- The paper introduces an implicit chain-of-thought method that eliminates explicit intermediate steps using teacher hidden states.
- The technique employs a three-stage process—mind-reading, thought emulation, and joint optimization—to enhance LLM reasoning.
- Experiments on multi-digit multiplication and grade school math show improved inference efficiency and problem accuracy compared to traditional CoT methods.
Implicit Chain of Thought Reasoning via Knowledge Distillation
Introduction
The study explores an innovative approach to improve reasoning capabilities in LLMs by employing implicit reasoning without generating explicit intermediate steps. Traditionally, chain-of-thought (CoT) methods prompt models to articulate reasoning steps leading to a final answer. This resembles human cognitive processes but may not utilize the full computational potential of LLMs. The authors propose using internal hidden states for reasoning, distilling this from a teacher model trained on explicit CoT reasoning, allowing for vertical reasoning within the model's layers.
Methodology
Implicit Chain-of-Thought Framework
The framework comprises three main steps:
- Mind-Reading the Teacher: A student model is trained to leverage the continuous hidden states generated by a teacher model during intermediate reasoning steps. This student model directly utilizes selected hidden states from the teacher, bypassing the explicit reasoning steps to produce the final answer.
- Thought Emulation: Knowledge distillation is applied to train an emulator, which predicts teacher hidden states vertically across layers, eliminating the need for horizontally explicit reasoning steps. The emulator captures and compresses the teacher's reasoning into a sequence of compact internal states used by the student model at inference.
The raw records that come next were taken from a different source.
(* Let $g>0$ and consider the one-dimensional shallow water system $$\partial_t h+\partial_x q=0,\qquad \partial_t q+\partial_x\Big(\frac{q^2}{h}+\tfrac12 g h^2\Big)=0,$$ with state $u=(h,q)$, $h>0$, $q=hv$. Let $u_l=(h_l,q_l)$ and $u_r=(h_r,q_r)$ be subcritical states, i.e. $|\mathcal{F}_l|<1$ and $|\mathcal{F}_r|<1$, where $\mathcal{F}=v/\sqrt{gh}$. Then there exists a unique pair of states $u_1^b=(h_1^b,q_1^b)$, $u_2^b=(h_2^b,q_2^b)$ with $h_1^b,h_2^b>0$ such that $$u_1^b\in\mathcal{N}(u_l),\qquad u_2^b\in\mathcal{P}(u_r),\qquad q_1^b=q_2^b,\qquad h_1^b=h_2^b.$$
   Context: This models a junction between one incoming canal (canal 1, initial constant state $u_l$) and one outgoing canal (canal 2, initial constant state $u_r$), with conservation of mass $q_1^b=q_2^b$ and equal water heights $h_1^b=h_2^b$ at the junction. The Froude number of a state $(h,q)$ is $\mathcal{F}=v/\sqrt{gh}=q/(h\sqrt{gh})$; a state is subcritical (fluvial) if $|\mathcal{F}|<1$ and supercritical (torrential) if $|\mathcal{F}|>1$. Riemann problems for the system are solved in the standard (Lax) sense, by a 1-wave and a 2-wave, each an admissible shock or a centered rarefaction (eigenvalues $\lambda_{1,2}=v\mp\sqrt{gh}$). For a state $u_l$, $\mathcal{N}(u_l)$ is the set of states $\hat u$ such that the solution of the Riemann problem with left state $u_l$ (for $x<0$) and right state $\hat u$ (for $x>0$) contains only waves with non-positive speed. For a state $u_r$, $\mathcal{P}(u_r)$ is the set of states $\tilde u$ such that the solution of the Riemann problem with left state $\tilde u$ and right state $u_r$ contains only waves with non-negative speed. *)

From Stdlib Require Import Reals.
Open Scope R_scope.

Definition state := (R * R)%type.
Definition hh (u : state) : R := fst u.
Definition qq (u : state) : R := snd u.
Definition vel (u : state) : R := qq u / hh u.

Definition cel (g : R) (u : state) : R := sqrt (g * hh u).
Definition lam1 (g : R) (u : state) : R := vel u - cel g u.
Definition lam2 (g : R) (u : state) : R := vel u + cel g u.
Definition froude (g : R) (u : state) : R := vel u / cel g u.
Definition subcritical (g : R) (u : state) : Prop := Rabs (froude g u) < 1.

Definition flux1 (u : state) : R := qq u.
Definition flux2 (g : R) (u : state) : R := qq u ^ 2 / hh u + g * hh u ^ 2 / 2.

Definition rankine_hugoniot (g : R) (a b : state) (s : R) : Prop :=
  s * (hh b - hh a) = flux1 b - flux1 a /\
  s * (qq b - qq a) = flux2 g b - flux2 g a.

(* Lax-admissible 1-shock / 2-shock of speed s from a (left) to b (right). *)
Definition shock1 (g : R) (a b : state) (s : R) : Prop :=
  rankine_hugoniot g a b s /\
  lam1 g b < s < lam1 g a /\ s < lam2 g b.
Definition shock2 (g : R) (a b : state) (s : R) : Prop :=
  rankine_hugoniot g a b s /\
  lam2 g b < s < lam2 g a /\ lam1 g a < s.

(* Centered 1-rarefaction / 2-rarefaction from a (left) to b (right):
   b lies on the integral curve of the k-th eigenvector through a
   (the corresponding Riemann invariant v + 2c, resp. v - 2c, is constant)
   and the k-th eigenvalue increases from a to b. The wave fan occupies
   the speeds [lam_k a, lam_k b]. *)
Definition rare1 (g : R) (a b : state) : Prop :=
  vel b + 2 * cel g b = vel a + 2 * cel g a /\ lam1 g a < lam1 g b.
Definition rare2 (g : R) (a b : state) : Prop :=
  vel b - 2 * cel g b = vel a - 2 * cel g a /\ lam2 g a < lam2 g b.

Definition wave1_nonpos (g : R) (a b : state) : Prop :=
  b = a \/ (exists s, shock1 g a b s /\ s <= 0) \/ (rare1 g a b /\ lam1 g b <= 0).
Definition wave2_nonpos (g : R) (a b : state) : Prop :=
  b = a \/ (exists s, shock2 g a b s /\ s <= 0) \/ (rare2 g a b /\ lam2 g b <= 0).

Definition wave1_nonneg (g : R) (a b : state) : Prop :=
  b = a \/ (exists s, shock1 g a b s /\ 0 <= s) \/ (rare1 g a b /\ 0 <= lam1 g a).
Definition wave2_nonneg (g : R) (a b : state) : Prop :=
  b = a \/ (exists s, shock2 g a b s /\ 0 <= s) \/ (rare2 g a b /\ 0 <= lam2 g a).

(* N(ul): states uh such that the (Lax) solution of the Riemann problem (ul, uh),
   consisting of a 1-wave ul -> um followed by a 2-wave um -> uh, has only
   waves of non-positive speed. *)
Definition N_set (g : R) (ul uh : state) : Prop :=
  exists um : state, 0 < hh um /\ wave1_nonpos g ul um /\ wave2_nonpos g um uh.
- Couple and Optimize: The emulator and student model are combined and optimized end-to-end. This holistic system empowers the student model to refine its reasoning strategies potentially diverging from the teacher's approach, enabling efficient and direct answer generation.
Experimental Setup
Experiments were conducted on two tasks: multi-digit multiplication and grade school math problems, utilizing datasets from BIG-bench and GSM8K. The implicit CoT approach was compared against baselines using no CoT and explicit CoT reasoning modes, with models such as GPT-2 Small, Medium, and Large.
Results
The results demonstrated the implicit CoT method's efficacy, showcasing improvements in tasks requiring complex reasoning steps. For instance, the approach achieved high accuracy in five-digit multiplication using GPT-2 Medium, which was previously unsolvable using traditional methods without explicit reasoning. In handling grade school math problems, it significantly improved answer accuracy compared to no CoT methods.
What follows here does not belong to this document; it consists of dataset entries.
Lemma theta_h_le k :
  theta k.+1 * (h k.+1 - f xs) <= (theta k.+1 - 1) * (h k - f xs)
    + vdot (g k.+1) (z k.+1 - xs) - theta k.+1 * (G k.+1 / L).
Proof.
have prev := h_le_prev k; have opt := h_le_opt k.+1.
have : (theta k.+1 - 1) * (h k.+1 - h k
          - vdot (g k.+1) (x k.+1 - y k.+1) + G k.+1 / L) <= 0.
  by rewrite mulr_ge0_le0 ?subr_ge0 ?theta_ge1 //; lra.
by rewrite -x_comb; lra.
Qed.

Lemma potential_le k : potential k.+1 <= potential k.
Proof.
have h_ge : 0 <= h k - f xs by rewrite subr_ge0 (le_trans (xs_min _) (y_le_h k)).
have th_pos := theta_gt0 k.+1; have /andP[_ rec] := theta_rec k.
have := theta_h_le k; rewrite -(ler_pM2l th_pos) => scaled.
have rec' : (theta k.+1 ^+ 2 - theta k.+1) * (h k - f xs)
            <= theta k ^+ 2 * (h k - f xs) by exact: ler_wpM2r.
have t_loss : (t - 1) * (theta k.+1 ^+ 2 * (G k.+1 / L)) <= 0.
  by apply: mulr_le0_ge0; [rewrite subr_le0 | exact: mulr_ge0 (sqr_ge0 _) (G_ge0 _)].
by rewrite /potential (z_step k.+1); lra.
Qed.

Lemma potential0_le : potential 0 <= L / (4 * t) * qform Q (x 0 - xs).
Proof.
have := h_le_opt 0.
have := ler_piMl (G_ge0 0) t_le1.
by rewrite /potential (z_step 0) theta0 expr1n !mul1r mulr1 z0; lra.
Qed.

Lemma potential_bound k : potential k <= L / (4 * t) * qform Q (x 0 - xs).
Proof.
elim: k => [|k IH]; first exact: potential0_le.
exact: le_trans (potential_le k) IH.
Qed.

Lemma ogm_rate k :
  f (y k.+1) - f xs <= L * qform Q (x 0 - xs) / (4 * t * theta k ^+ 2).
Proof.
have th2_gt0 : 0 < theta k ^+ 2 by rewrite exprn_gt0.
have D_ge : 0 <= L / (4 * t) * qform Q (z k.+1 - xs).
  by apply: mulr_ge0 (posdef_qform_ge0 Qspd _); apply/ltW/divr_gt0; rewrite ?mulr_gt0.
have : theta k ^+ 2 * (f (y k.+1) - f xs) <= theta k ^+ 2 * (h k - f xs).
  by rewrite ler_pM2l // lerB // y_le_h.
have := potential_bound k; rewrite /potential => pot fy_le.
have -> : L * qform Q (x 0 - xs) / (4 * t * theta k ^+ 2)
        = L / (4 * t) * qform Q (x 0 - xs) / theta k ^+ 2.
  by field; rewrite !gt_eqF.
by rewrite ler_pdivlMr // mulrC; lra.
Qed.

End Method.

End LipschitzGradient.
Implicit CoT also demonstrated notable efficiency in inference time compared to explicit CoT methods, as it streamlined reasoning processes without generating verbose intermediate steps. However, accuracy compared to explicit methods showed room for improvement, hinting at potential shortfalls in adapting vertical reasoning effectively over larger-scale reasoning tasks.
Analysis and Discussion
The paper highlights several critical insights:
- The efficacy of diagonal hidden state selection from teacher models proved effective, highlighting the importance of strategic information extraction from model layers.
- Introducing a mixture model accounted for multiple reasoning pathways, essential for tasks like GSM8K with non-unique intermediary tokens.
- The "Optimize" stage enabled the student model to articulate unique reasoning pathways, enhancing prediction accuracy and performance albeit at the cost of interpretability.
Conclusion
The research introduces a compelling paradigm shift towards implicit reasoning in LLMs. By leveraging internal hidden states vertically, models can circumvent traditional human-like reasoning steps, achieving faster and potentially more autonomous decision-making processes. While the approach offers substantial promise, further research could refine implicit reasoning, exploring fully end-to-end training strategies and integrating such methods into pre-training processes. The study lays foundational work to inspire future exploration into the autonomous reasoning capacities of large-scale LLMs.